:: The problem ::
Search the data below for "first"; list each line that holds it.

[Stored data entries]
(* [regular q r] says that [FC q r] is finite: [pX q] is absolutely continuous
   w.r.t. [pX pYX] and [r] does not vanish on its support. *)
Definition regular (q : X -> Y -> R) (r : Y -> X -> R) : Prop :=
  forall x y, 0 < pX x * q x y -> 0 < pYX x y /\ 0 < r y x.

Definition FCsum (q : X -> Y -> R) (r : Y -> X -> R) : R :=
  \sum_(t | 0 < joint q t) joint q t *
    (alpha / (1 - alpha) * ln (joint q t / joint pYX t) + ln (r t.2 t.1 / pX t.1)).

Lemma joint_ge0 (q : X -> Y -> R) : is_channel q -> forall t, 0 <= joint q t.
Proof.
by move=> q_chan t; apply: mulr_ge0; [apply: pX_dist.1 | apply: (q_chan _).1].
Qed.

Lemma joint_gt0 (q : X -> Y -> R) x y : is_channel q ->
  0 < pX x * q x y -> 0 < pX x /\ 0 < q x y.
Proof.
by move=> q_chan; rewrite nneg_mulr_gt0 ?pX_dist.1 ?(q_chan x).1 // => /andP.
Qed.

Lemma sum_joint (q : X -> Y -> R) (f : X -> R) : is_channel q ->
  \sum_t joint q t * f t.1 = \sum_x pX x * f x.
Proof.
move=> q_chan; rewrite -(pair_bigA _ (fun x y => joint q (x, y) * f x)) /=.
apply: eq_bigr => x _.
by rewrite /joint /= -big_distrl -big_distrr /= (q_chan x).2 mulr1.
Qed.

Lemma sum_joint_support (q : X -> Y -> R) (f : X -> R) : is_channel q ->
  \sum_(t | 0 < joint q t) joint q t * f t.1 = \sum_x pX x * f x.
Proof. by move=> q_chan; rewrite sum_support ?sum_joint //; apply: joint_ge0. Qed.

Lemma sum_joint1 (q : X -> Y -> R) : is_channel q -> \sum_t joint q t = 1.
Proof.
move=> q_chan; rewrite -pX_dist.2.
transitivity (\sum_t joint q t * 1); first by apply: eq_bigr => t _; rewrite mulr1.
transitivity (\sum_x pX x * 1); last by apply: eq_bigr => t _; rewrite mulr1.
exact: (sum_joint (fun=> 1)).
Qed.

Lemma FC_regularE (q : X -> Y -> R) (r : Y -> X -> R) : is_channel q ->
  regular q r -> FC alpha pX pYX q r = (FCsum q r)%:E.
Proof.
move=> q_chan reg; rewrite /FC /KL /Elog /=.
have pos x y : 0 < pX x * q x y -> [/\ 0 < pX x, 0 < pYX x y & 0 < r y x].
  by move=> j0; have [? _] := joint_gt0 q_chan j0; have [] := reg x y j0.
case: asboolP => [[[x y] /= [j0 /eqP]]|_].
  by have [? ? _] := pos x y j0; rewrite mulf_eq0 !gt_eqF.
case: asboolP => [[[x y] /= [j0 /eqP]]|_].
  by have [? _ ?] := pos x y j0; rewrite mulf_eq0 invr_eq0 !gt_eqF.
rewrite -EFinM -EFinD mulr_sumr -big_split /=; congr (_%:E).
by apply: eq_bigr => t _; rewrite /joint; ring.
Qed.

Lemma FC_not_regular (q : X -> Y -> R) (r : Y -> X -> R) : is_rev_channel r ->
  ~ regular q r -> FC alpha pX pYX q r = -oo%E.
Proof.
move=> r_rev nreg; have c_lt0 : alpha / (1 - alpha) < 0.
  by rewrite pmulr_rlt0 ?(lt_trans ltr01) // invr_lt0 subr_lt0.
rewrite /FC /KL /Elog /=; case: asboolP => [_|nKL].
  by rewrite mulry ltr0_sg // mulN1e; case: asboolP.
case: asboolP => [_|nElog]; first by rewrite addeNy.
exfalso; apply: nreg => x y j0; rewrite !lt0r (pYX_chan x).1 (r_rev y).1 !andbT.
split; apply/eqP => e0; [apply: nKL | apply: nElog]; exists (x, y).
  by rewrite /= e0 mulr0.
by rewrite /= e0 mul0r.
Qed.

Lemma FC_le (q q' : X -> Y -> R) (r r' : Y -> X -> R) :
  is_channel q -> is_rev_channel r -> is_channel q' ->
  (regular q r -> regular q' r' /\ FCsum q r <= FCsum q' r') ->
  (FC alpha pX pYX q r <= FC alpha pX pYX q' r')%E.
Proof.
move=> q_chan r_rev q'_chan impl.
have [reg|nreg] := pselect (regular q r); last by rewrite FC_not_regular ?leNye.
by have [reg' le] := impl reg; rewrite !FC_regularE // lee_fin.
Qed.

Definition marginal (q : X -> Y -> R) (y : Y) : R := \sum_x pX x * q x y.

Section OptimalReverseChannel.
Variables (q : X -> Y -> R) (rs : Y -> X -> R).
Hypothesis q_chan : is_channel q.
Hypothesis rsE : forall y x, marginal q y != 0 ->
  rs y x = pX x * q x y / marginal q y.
...
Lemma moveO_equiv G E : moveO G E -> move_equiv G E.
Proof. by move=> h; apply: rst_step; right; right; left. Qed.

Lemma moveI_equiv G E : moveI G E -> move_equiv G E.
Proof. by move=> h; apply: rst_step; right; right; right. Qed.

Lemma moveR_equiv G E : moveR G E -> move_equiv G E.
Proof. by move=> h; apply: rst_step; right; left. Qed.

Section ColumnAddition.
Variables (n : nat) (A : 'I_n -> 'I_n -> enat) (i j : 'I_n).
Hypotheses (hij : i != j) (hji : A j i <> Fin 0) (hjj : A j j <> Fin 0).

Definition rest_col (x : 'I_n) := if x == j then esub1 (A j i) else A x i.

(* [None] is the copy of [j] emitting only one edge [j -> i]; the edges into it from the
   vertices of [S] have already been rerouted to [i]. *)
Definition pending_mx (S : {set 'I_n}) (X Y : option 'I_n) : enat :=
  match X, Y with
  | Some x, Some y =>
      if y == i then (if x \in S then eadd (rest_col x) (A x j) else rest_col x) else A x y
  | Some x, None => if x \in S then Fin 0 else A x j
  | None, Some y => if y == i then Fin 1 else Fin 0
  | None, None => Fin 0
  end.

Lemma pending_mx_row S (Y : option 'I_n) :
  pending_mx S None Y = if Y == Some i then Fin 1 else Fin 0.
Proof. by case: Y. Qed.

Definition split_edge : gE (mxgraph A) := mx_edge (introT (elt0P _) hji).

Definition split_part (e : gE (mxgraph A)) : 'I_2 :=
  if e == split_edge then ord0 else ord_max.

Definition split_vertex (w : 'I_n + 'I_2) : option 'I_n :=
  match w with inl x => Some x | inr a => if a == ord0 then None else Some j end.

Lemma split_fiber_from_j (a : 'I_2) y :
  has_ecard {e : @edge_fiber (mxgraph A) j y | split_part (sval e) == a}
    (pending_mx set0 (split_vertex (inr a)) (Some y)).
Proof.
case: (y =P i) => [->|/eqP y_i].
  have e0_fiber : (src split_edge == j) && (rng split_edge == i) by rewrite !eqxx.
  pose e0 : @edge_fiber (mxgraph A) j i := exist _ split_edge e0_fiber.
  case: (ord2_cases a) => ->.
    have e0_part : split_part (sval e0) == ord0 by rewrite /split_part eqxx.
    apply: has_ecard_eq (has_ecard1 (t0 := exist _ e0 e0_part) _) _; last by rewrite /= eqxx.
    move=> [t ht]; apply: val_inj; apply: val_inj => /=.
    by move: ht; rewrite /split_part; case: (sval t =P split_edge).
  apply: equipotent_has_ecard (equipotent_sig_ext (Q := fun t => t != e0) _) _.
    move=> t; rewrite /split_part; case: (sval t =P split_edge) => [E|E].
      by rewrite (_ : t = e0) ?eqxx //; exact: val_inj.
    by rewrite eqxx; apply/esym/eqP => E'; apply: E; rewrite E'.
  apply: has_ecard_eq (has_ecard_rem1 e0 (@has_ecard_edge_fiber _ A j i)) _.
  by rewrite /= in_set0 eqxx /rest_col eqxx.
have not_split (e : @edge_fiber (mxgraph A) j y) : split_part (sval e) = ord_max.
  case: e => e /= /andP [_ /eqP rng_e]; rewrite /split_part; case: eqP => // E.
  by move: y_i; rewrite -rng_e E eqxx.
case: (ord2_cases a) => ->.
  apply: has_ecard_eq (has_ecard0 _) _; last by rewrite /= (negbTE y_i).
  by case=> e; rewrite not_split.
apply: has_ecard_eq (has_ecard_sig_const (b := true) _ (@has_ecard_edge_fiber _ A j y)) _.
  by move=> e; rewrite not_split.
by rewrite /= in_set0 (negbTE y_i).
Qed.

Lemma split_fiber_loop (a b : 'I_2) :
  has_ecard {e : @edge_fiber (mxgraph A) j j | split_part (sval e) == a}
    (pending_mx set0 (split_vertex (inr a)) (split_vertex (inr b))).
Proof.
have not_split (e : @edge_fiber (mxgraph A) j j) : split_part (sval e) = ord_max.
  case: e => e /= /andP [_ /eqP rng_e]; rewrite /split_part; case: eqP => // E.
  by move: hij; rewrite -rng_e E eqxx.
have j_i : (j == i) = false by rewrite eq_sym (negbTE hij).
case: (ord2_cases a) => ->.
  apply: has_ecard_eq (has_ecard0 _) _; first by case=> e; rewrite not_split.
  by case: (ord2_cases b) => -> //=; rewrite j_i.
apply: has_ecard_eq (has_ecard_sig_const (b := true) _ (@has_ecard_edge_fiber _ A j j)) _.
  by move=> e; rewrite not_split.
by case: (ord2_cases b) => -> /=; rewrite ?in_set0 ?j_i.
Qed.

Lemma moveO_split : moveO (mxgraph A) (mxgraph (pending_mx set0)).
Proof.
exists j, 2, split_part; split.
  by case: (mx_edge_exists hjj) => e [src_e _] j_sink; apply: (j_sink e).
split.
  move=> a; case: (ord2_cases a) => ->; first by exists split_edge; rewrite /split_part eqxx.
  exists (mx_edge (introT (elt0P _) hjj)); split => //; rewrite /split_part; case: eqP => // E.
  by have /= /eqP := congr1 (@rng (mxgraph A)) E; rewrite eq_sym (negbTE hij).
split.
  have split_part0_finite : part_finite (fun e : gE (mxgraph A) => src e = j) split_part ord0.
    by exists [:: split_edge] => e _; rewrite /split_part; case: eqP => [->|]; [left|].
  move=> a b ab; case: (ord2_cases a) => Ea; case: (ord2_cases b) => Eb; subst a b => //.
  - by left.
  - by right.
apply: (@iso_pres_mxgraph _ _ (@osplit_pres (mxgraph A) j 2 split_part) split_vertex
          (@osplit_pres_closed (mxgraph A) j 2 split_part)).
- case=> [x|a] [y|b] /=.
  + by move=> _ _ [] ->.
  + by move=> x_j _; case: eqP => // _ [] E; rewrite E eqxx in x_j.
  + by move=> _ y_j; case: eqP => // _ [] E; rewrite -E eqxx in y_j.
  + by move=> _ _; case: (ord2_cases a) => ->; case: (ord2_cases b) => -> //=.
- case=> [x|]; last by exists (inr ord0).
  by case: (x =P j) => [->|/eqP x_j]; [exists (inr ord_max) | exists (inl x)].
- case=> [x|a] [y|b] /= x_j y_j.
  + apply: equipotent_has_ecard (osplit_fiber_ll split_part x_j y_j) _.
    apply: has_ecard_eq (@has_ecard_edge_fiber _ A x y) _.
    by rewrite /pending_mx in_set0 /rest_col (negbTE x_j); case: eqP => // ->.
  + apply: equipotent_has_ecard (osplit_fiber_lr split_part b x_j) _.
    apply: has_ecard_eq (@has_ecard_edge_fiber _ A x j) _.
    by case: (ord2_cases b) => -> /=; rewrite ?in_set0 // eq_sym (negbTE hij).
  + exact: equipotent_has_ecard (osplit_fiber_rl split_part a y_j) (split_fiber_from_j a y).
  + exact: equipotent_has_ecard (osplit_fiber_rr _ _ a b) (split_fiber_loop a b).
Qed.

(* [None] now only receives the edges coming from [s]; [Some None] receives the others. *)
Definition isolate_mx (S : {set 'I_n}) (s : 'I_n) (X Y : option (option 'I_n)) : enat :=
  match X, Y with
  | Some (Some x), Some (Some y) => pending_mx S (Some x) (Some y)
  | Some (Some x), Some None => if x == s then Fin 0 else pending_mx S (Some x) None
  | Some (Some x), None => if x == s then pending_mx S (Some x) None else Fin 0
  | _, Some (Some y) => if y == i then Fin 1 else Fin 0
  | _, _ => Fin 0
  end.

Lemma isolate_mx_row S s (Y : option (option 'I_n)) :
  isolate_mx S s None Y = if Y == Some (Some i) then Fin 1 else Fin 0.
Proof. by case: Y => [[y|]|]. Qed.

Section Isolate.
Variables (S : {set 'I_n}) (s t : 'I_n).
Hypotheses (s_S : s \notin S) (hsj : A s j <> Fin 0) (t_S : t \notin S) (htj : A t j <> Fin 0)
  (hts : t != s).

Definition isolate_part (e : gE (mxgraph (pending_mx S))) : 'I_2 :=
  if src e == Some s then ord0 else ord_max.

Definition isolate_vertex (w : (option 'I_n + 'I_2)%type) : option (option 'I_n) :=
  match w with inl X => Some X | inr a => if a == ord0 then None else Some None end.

:: Answer space ::
transitivity (\sum_t joint q t * 1); first by apply: eq_bigr => t _; rewrite mulr1.
case: asboolP => [_|nElog]; first by rewrite addeNy.
  apply: has_ecard_eq (has_ecard0 _) _; first by case=> e; rewrite not_split.
  move=> a; case: (ord2_cases a) => ->; first by exists split_edge; rewrite /split_part eqxx.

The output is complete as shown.